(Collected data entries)
────────────────────────────────────────

(* Let $G$ be a graph, let $X,Y$ be disjoint subsets of $V(G)$, and let $K_1,K_2$ be two minimal $X-Y$ separators. Let $K_1^t=K_1 \cap NR(G,Y,K_2)$, $K_1^b=(K_1 \setminus K_1^t) \setminus (K_1 \cap K_2)$, $K_2^t=K_2 \cap NR(G,Y,K_1)$, $K_2^b=(K_2 \setminus K_2^t) \setminus (K_1 \cap K_2)$, and let $Top(K_1,K_2)=K_1^t \cup K_2^t \cup (K_1 \cap K_2)$ and $Bottom(K_1,K_2)=K_1^b \cup K_2^b \cup (K_1 \cap K_2)$. Then both $Top(K_1,K_2)$ and $Bottom(K_1,K_2)$ are $X-Y$ separators. Moreover, $Bottom(K_1,K_2) \geq K_1$ and $Bottom(K_1,K_2) \geq K_2$.
   Context: $G$ is a finite undirected graph. For disjoint $X,Y \subseteq V(G)$, an $X-Y$ separator is a set $K \subseteq V(G) \setminus (X \cup Y)$ such that $G \setminus K$ (the subgraph induced by $V(G)\setminus K$) contains no path from a vertex of $X$ to a vertex of $Y$; it is minimal if it is minimal under inclusion. For disjoint $A,B \subseteq V(G)$, $NR(G,A,B)$ denotes the set of vertices of $G$ that are not reachable from $A$ in $G \setminus B$. For $X-Y$ separators $K,K'$, we write $K \geq K'$ if $NR(G,Y,K) \supseteq NR(G,Y,K')$. *)

From mathcomp Require Import all_boot.
Set Implicit Arguments. Unset Strict Implicit. Unset Printing Implicit Defensive.

Definition undirected (T : finType) (e : rel T) := symmetric e.

Definition del_rel (T : finType) (e : rel T) (B : {set T}) : rel T :=
  [rel u v | [&& e u v, u \notin B & v \notin B]].

Definition reach (T : finType) (e : rel T) (B : {set T}) (a v : T) : bool :=
  [&& a \notin B, v \notin B & connect (del_rel e B) a v].

Definition NR (T : finType) (e : rel T) (A B : {set T}) : {set T} :=
  [set v | ~~ [exists a in A, reach e B a v]].

Definition separator (T : finType) (e : rel T) (X Y K : {set T}) : Prop :=
  [disjoint K & X :|: Y] /\
  forall x y, x \in X -> y \in Y -> ~~ reach e K x y.

Definition minimal_separator (T : finType) (e : rel T) (X Y K : {set T}) : Prop :=
  separator e X Y K /\ forall K' : {set T}, K' \proper K -> ~ separator e X Y K'.

Definition sep_ge (T : finType) (e : rel T) (Y K K' : {set T}) : Prop :=
  NR e Y K' \subset NR e Y K.

Definition K_top (T : finType) (e : rel T) (Y K1 K2 : {set T}) := K1 :&: NR e Y K2.
Definition K_bot (T : finType) (e : rel T) (Y K1 K2 : {set T}) :=
  (K1 :\: K_top e Y K1 K2) :\: (K1 :&: K2).

Definition Top (T : finType) (e : rel T) (Y K1 K2 : {set T}) :=
  K_top e Y K1 K2 :|: K_top e Y K2 K1 :|: (K1 :&: K2).
Definition Bottom (T : finType) (e : rel T) (Y K1 K2 : {set T}) :=
  K_bot e Y K1 K2 :|: K_bot e Y K2 K1 :|: (K1 :&: K2).

From mathcomp Require Import all_boot.
Set Implicit Arguments. Unset Strict Implicit.

(* A walk avoiding Top (resp. Bottom) that starts in X (resp. Y) either avoids
   K1 :|: K2 altogether, contradicting that K1 separates, or first enters
   K1 :|: K2 at some w outside Top (resp. Bottom).  Up to w the walk avoids
   K1 :|: K2, so if, say, w lies in K1 only, then w is reachable from the start
   in G \ K2.  From X this puts w into NR(G,Y,K2), since K2 separates, so w is
   in Top; from Y it keeps w out of NR(G,Y,K2), so w is in Bottom.  The same
   first-entry argument from Y shows that every vertex reachable from Y in
   G \ Bottom is already reachable from Y in G \ (K1 :|: K2), which gives
   Bottom >= K1 and Bottom >= K2. *)

Section Reachability.

Variables (T : finType) (e : rel T).

Lemma reach_subset (K K' : {set T}) a v :
  K \subset K' -> reach e K' a v -> reach e K a v.
Proof.
move=> sKK' /and3P [aK' vK' c].
have notK x : x \notin K' -> x \notin K by apply: contra; apply: (subsetP sKK').
rewrite /reach !notK //=; apply: connect_sub c => x y /and3P [exy xK' yK'].
by apply: connect1; rewrite /del_rel /= exy !notK.
Qed.

Lemma reach_refl (K : {set T}) a : a \notin K -> reach e K a a.
Proof. by move=> aK; rewrite /reach aK connect0. Qed.

Lemma reach_trans (K : {set T}) a b c :
  reach e K a b -> reach e K b c -> reach e K a c.
Proof.
move=> /and3P [aK _ cab] /and3P [_ cK cbc].
by rewrite /reach aK cK (connect_trans cab cbc).
Qed.

Lemma reach_edge (K : {set T}) a u w :
  reach e K a u -> e u w -> w \notin K -> reach e K a w.
Proof.
move=> rau euw wK; apply: (reach_trans rau).
have uK : u \notin K by case/and3P: rau.
by rewrite /reach uK wK connect1 //= /del_rel /= euw uK wK.
Qed.

Lemma reach_sym (K : {set T}) a v :
  symmetric e -> reach e K a v = reach e K v a.
Proof.
move=> sym_e; rewrite /reach andbCA; congr (_ && (_ && _)).
apply: sym_connect_sym => x y; rewrite /del_rel /= sym_e.
by rewrite [(x \notin K) && _]andbC.
Qed.

Definition enters (C : {set T}) (a w : T) : Prop :=
  exists2 u, reach e C a u & e u w.

Lemma enters_reach (C K : {set T}) a w :
  enters C a w -> K \subset C -> w \notin K -> reach e K a w.
Proof.
by case=> u rau euw sKC wK; apply: reach_edge (reach_subset sKC rau) euw wK.
Qed.

Lemma reach_first_entry (S C : {set T}) a v :
  reach e S a v -> a \notin C ->
  reach e C a v \/ exists2 w, w \in C :\: S & enters C a w.
Proof.
case/and3P=> aS _ /connectP [p]; elim: p a aS => [|z p IHp] a aS /=.
  by move=> _ -> aC; left; apply: reach_refl.
case/andP=> /and3P [eaz _ zS] pz vz aC.
have raa : reach e C a a by apply: reach_refl.
have [zC | zC] := boolP (z \in C).
  by right; exists z; [rewrite inE zS | exists a].
have raz : reach e C a z by apply: reach_edge raa eaz zC.
case: (IHp z zS pz vz zC) => [rzv | [w wCS [u rzu euw]]].
  by left; apply: reach_trans raz rzv.
by right; exists w => //; exists u => //; apply: reach_trans raz rzu.
Qed.

End Reachability.

Section Separators.

Variables (T : finType) (e : rel T).
Hypothesis sym_e : symmetric e.

Lemma separator_sym (X Y K : {set T}) :
  separator e X Y K -> separator e Y X K.
Proof.
case=> dK sepK; split; first by rewrite setUC.
by move=> y x yY xX; rewrite reach_sym //; apply: sepK.
Qed.

Lemma separator_reach_NR (X Y K : {set T}) x w :
  separator e X Y K -> x \in X -> reach e K x w -> w \in NR e Y K.
Proof.
case=> _ sepK xX rxw; rewrite inE; apply/existsP=> -[y /andP [yY ryw]].
by move/negP: (sepK x y xX yY); apply; rewrite (reach_trans rxw) // reach_sym.
Qed.

Lemma reach_notin_NR (Y K : {set T}) y w :
  y \in Y -> reach e K y w -> w \notin NR e Y K.
Proof.
by move=> yY ryw; rewrite inE negbK; apply/existsP; exists y; rewrite yY.
Qed.

Lemma K_top_of_reach (X Y K1 K2 : {set T}) x w :
  separator e X Y K2 -> x \in X -> w \in K1 ->
  reach e K2 x w -> w \in K_top e Y K1 K2.
Proof.
by move=> sep2 xX wK1 rxw; rewrite inE wK1 (separator_reach_NR sep2 xX rxw).
Qed.

Lemma K_bot_of_reach (Y K1 K2 : {set T}) y w :
  y \in Y -> w \in K1 -> reach e K2 y w -> w \in K_bot e Y K1 K2.
Proof.
move=> yY wK1 ryw; have wK2 : w \notin K2 by case/and3P: ryw.
by move: (reach_notin_NR yY ryw); rewrite !inE wK1 (negbTE wK2) andbT.
Qed.

Lemma separator_of_entries (X Y C K S : {set T}) :
  [disjoint C & X :|: Y] -> K \subset C -> separator e X Y K -> S \subset C ->
  (forall x w, x \in X -> w \in C -> enters e C x w -> w \in S) ->
  separator e X Y S.
Proof.
move=> dC sKC [_ sepK] sSC entryS; split; first exact: disjointWl dC.
move=> x y xX yY; apply/negP=> rxy.
have xC : x \notin C by rewrite (disjointFl dC) // inE xX.
case: (reach_first_entry rxy xC) => [rCxy | [w /setDP [wC wS] entw]].
  by move/negP: (sepK x y xX yY); apply; apply: reach_subset sKC rCxy.
by rewrite (entryS x w) in wS.
Qed.

Lemma sep_ge_of_entries (Y C K S : {set T}) :
  [disjoint C & Y] -> K \subset C ->
  (forall y w, y \in Y -> w \in C -> enters e C y w -> w \in S) ->
  sep_ge e Y S K.
Proof.
move=> dC sKC entryS; apply/subsetP=> v; rewrite !inE; apply: contra.
case/existsP=> y /andP [yY ryv]; apply/existsP; exists y; rewrite yY /=.
have yC : y \notin C by rewrite (disjointFl dC).
case: (reach_first_entry ryv yC) => [rCyv | [w /setDP [wC wS] entw]].
  exact: reach_subset sKC rCyv.
by rewrite (entryS y w) in wS.
Qed.

End Separators.

Section TopBottom.

Variables (T : finType) (e : rel T) (X Y K1 K2 : {set T}).

Lemma Top_subset : Top e Y K1 K2 \subset K1 :|: K2.
Proof.
by apply/subsetP=> w; rewrite !inE; case: (w \in K1); case: (w \in K2);
  rewrite ?andbF.
Qed.

Lemma Bottom_subset : Bottom e Y K1 K2 \subset K1 :|: K2.
Proof.
by apply/subsetP=> w; rewrite !inE; case: (w \in K1); case: (w \in K2);
  rewrite ?andbF.
Qed.

Lemma entry_in_Bottom y w :
  y \in Y -> w \in K1 :|: K2 -> enters e (K1 :|: K2) y w ->
  w \in Bottom e Y K1 K2.
Proof.
move=> yY wK entw; rewrite /Bottom !in_setU.
have [wK12 | wK12] := boolP (w \in K1 :&: K2); first by apply/orP; right.
rewrite in_setI in wK12; case/setUP: wK => wK.
  have wK2 : w \notin K2 by rewrite wK in wK12.
  rewrite (K_bot_of_reach yY wK) //.
  exact: enters_reach entw (subsetUr _ _) wK2.
have wK1 : w \notin K1 by rewrite wK andbT in wK12.
rewrite (K_bot_of_reach (K1 := K2) yY wK) ?orbT //.
exact: enters_reach entw (subsetUl _ _) wK1.
Qed.

Hypothesis sym_e : symmetric e.
Hypotheses (sep1 : separator e X Y K1) (sep2 : separator e X Y K2).

Lemma entry_in_Top x w :
  x \in X -> w \in K1 :|: K2 -> enters e (K1 :|: K2) x w -> w \in Top e Y K1 K2.
Proof.
move=> xX wK entw; rewrite /Top !in_setU.
have [wK12 | wK12] := boolP (w \in K1 :&: K2); first by apply/orP; right.
rewrite in_setI in wK12; case/setUP: wK => wK.
  have wK2 : w \notin K2 by rewrite wK in wK12.
  rewrite (K_top_of_reach sym_e sep2 xX wK) //.
  exact: enters_reach entw (subsetUr _ _) wK2.
have wK1 : w \notin K1 by rewrite wK andbT in wK12.
rewrite (K_top_of_reach (K1 := K2) sym_e sep1 xX wK) ?orbT //.
exact: enters_reach entw (subsetUl _ _) wK1.
Qed.

End TopBottom.

Theorem proposition2 (T : finType) (e : rel T) (X Y K1 K2 : {set T}) :
  undirected e ->
  [disjoint X & Y] ->
  minimal_separator e X Y K1 ->
  minimal_separator e X Y K2 ->
  [/\ separator e X Y (Top e Y K1 K2),
      separator e X Y (Bottom e Y K1 K2),
      sep_ge e Y (Bottom e Y K1 K2) K1
    & sep_ge e Y (Bottom e Y K1 K2) K2].
Proof.
move=> sym_e _ [sep1 _] [sep2 _].
have dC : [disjoint K1 :|: K2 & X :|: Y].
  by rewrite -setI_eq0 setIUl setU_eq0 !setI_eq0 sep1.1 sep2.1.
have dCY : [disjoint K1 :|: K2 & Y] by apply: disjointWr dC; apply: subsetUr.
have entryB := @entry_in_Bottom T e Y K1 K2.
split.
- exact: separator_of_entries dC (subsetUl _ _) sep1 (Top_subset _ _ _ _)
    (entry_in_Top sym_e sep1 sep2).
- apply: (separator_sym sym_e); rewrite [X :|: Y]setUC in dC.
  exact: separator_of_entries dC (subsetUl _ _) (separator_sym sym_e sep1)
    (Bottom_subset _ _ _ _) entryB.
- exact: sep_ge_of_entries dCY (subsetUl _ _) entryB.
- exact: sep_ge_of_entries dCY (subsetUr _ _) entryB.
Qed.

────────────────────────────────────────

● EXERCISE PROMPT
Determine how many lines in the preceding records include the word "Unset". The answer is that number alone.

● RESPONSE AREA
2